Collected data

Lemma pushwK (x : letter) w : reduced w -> pushw (linv x) (pushw x w) = w.
Proof.
case: w => [|y w] rw /=; first by rewrite linvK eqxx.
case: ifP => yx /=; last by rewrite linvK eqxx.
case: w rw => [|z w] rw /=; first by rewrite (eqP yx).
have : z != x by move: rw; rewrite /reduced /= (eqP yx) linvK => /andP [].
by move=> /negbTE; rewrite linvK => ->; rewrite (eqP yx).
Qed.

Lemma mulwK (g : seq letter) w : reduced w -> mulw (winv g) (mulw g w) = w.
Proof.
elim: g w => [|x g IH] w rw //=.
by rewrite winv_cons /mulw foldr_cat /= pushwK; [exact: IH|exact: mulw_reduced].
Qed.

Definition vmul (g : seq letter) (u : vertex) : vertex :=
  exist _ (mulw g (val u)) (mulw_reduced g (valP u)).

Definition vimg (g : seq letter) (A : set vertex) : set vertex :=
  [set v : vertex | exists u, A u /\ val v = mulw g (val u)].

Lemma vmul_inj g : injective (vmul g).
Proof.
move=> u1 u2 /(congr1 val) /= e; apply/val_inj.
by rewrite -(mulwK g (valP u1)) e mulwK //; exact: valP.
Qed.

Lemma vimgE g A v : vimg g A v <-> exists2 u, A u & v = vmul g u.
Proof. by split=> [[u [Au e]]|[u Au ->]]; exists u => //; apply/val_inj. Qed.

Lemma vimg_inj g : injective (vimg g).
Proof.
move=> A B AB; apply/seteqP; split=> u Au.
  have : vimg g B (vmul g u) by rewrite -AB; apply/vimgE; exists u.
  by move=> /vimgE [u' Bu' /vmul_inj ->].
have : vimg g A (vmul g u) by rewrite AB; apply/vimgE; exists u.
by move=> /vimgE [u' Au' /vmul_inj ->].
Qed.

Lemma vimgI g A B : vimg g (A `&` B) = vimg g A `&` vimg g B.
Proof.
apply/seteqP; split=> v.
  by move=> /vimgE [u [Au Bu] ->]; split; apply/vimgE; exists u.
move=> [/vimgE [u Au ->] /vimgE [u' Bu' /vmul_inj uu']].
by apply/vimgE; exists u => //; split; rewrite // uu'.
Qed.
(* Let $n$ be a positive integer, let $c$ be the center of the star $S_n$, let $\nu$ be an end vertex of the path $P_n$, and let $v$ be any vertex of an $n$-vertex tree $T$. Then for every integer $k\geq 0$, $$n_k(c,S_n)\geq n_k(v,T)\geq n_k(\nu,P_n).$$
   Context: A subtree of a graph $G$ is a subgraph of $G$ that is a tree (distinguished as subgraphs), with the empty subtree also allowed. For a vertex $v$ of $G$, $n_k(v,G)$ is the number of subtrees of $G$ with exactly $k$ vertices that contain $v$. $S_n$ is the $n$-vertex star and $P_n$ the $n$-vertex path. *)

From mathcomp Require Import all_boot.
Set Implicit Arguments. Unset Strict Implicit. Unset Printing Implicit Defensive.

Definition simple_graph (V : finType) (e : rel V) : Prop :=
  symmetric e /\ irreflexive e.

Definition edges (V : finType) (e : rel V) : {set {set V}} :=
  [set [set x; y] | x in V, y in V & e x y].

Definition adjF (V : finType) (F : {set {set V}}) : rel V :=
  fun x y => (x != y) && ([set x; y] \in F).

Definition is_subgraph (V : finType) (e : rel V) (S : {set V}) (F : {set {set V}}) : bool :=
  (F \subset edges e) && [forall f in F, f \subset S].

Definition connectedb (V : finType) (S : {set V}) (F : {set {set V}}) : bool :=
  [forall x in S, forall y in S, connect (adjF F) x y].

--- Assignment ---
What you output should match every line above exactly.

--- Result of this exercise ---
Lemma pushwK (x : letter) w : reduced w -> pushw (linv x) (pushw x w) = w.
Proof.
case: w => [|y w] rw /=; first by rewrite linvK eqxx.
case: ifP => yx /=; last by rewrite linvK eqxx.
case: w rw => [|z w] rw /=; first by rewrite (eqP yx).
have : z != x by move: rw; rewrite /reduced /= (eqP yx) linvK => /andP [].
by move=> /negbTE; rewrite linvK => ->; rewrite (eqP yx).
Qed.

Lemma mulwK (g : seq letter) w : reduced w -> mulw (winv g) (mulw g w) = w.
Proof.
elim: g w => [|x g IH] w rw //=.
by rewrite winv_cons /mulw foldr_cat /= pushwK; [exact: IH|exact: mulw_reduced].
Qed.

Definition vmul (g : seq letter) (u : vertex) : vertex :=
  exist _ (mulw g (val u)) (mulw_reduced g (valP u)).

Definition vimg (g : seq letter) (A : set vertex) : set vertex :=
  [set v : vertex | exists u, A u /\ val v = mulw g (val u)].

Lemma vmul_inj g : injective (vmul g).
Proof.
move=> u1 u2 /(congr1 val) /= e; apply/val_inj.
by rewrite -(mulwK g (valP u1)) e mulwK //; exact: valP.
Qed.

Lemma vimgE g A v : vimg g A v <-> exists2 u, A u & v = vmul g u.
Proof. by split=> [[u [Au e]]|[u Au ->]]; exists u => //; apply/val_inj. Qed.

Lemma vimg_inj g : injective (vimg g).
Proof.
move=> A B AB; apply/seteqP; split=> u Au.
  have : vimg g B (vmul g u) by rewrite -AB; apply/vimgE; exists u.
  by move=> /vimgE [u' Bu' /vmul_inj ->].
have : vimg g A (vmul g u) by rewrite AB; apply/vimgE; exists u.
by move=> /vimgE [u' Au' /vmul_inj ->].
Qed.

Lemma vimgI g A B : vimg g (A `&` B) = vimg g A `&` vimg g B.
Proof.
apply/seteqP; split=> v.
  by move=> /vimgE [u [Au Bu] ->]; split; apply/vimgE; exists u.
move=> [/vimgE [u Au ->] /vimgE [u' Bu' /vmul_inj uu']].
by apply/vimgE; exists u => //; split; rewrite // uu'.
Qed.
(* Let $n$ be a positive integer, let $c$ be the center of the star $S_n$, let $\nu$ be an end vertex of the path $P_n$, and let $v$ be any vertex of an $n$-vertex tree $T$. Then for every integer $k\geq 0$, $$n_k(c,S_n)\geq n_k(v,T)\geq n_k(\nu,P_n).$$
   Context: A subtree of a graph $G$ is a subgraph of $G$ that is a tree (distinguished as subgraphs), with the empty subtree also allowed. For a vertex $v$ of $G$, $n_k(v,G)$ is the number of subtrees of $G$ with exactly $k$ vertices that contain $v$. $S_n$ is the $n$-vertex star and $P_n$ the $n$-vertex path. *)

From mathcomp Require Import all_boot.
Set Implicit Arguments. Unset Strict Implicit. Unset Printing Implicit Defensive.

Definition simple_graph (V : finType) (e : rel V) : Prop :=
  symmetric e /\ irreflexive e.

Definition edges (V : finType) (e : rel V) : {set {set V}} :=
  [set [set x; y] | x in V, y in V & e x y].

Definition adjF (V : finType) (F : {set {set V}}) : rel V :=
  fun x y => (x != y) && ([set x; y] \in F).

Definition is_subgraph (V : finType) (e : rel V) (S : {set V}) (F : {set {set V}}) : bool :=
  (F \subset edges e) && [forall f in F, f \subset S].

Definition connectedb (V : finType) (S : {set V}) (F : {set {set V}}) : bool :=
  [forall x in S, forall y in S, connect (adjF F) x y].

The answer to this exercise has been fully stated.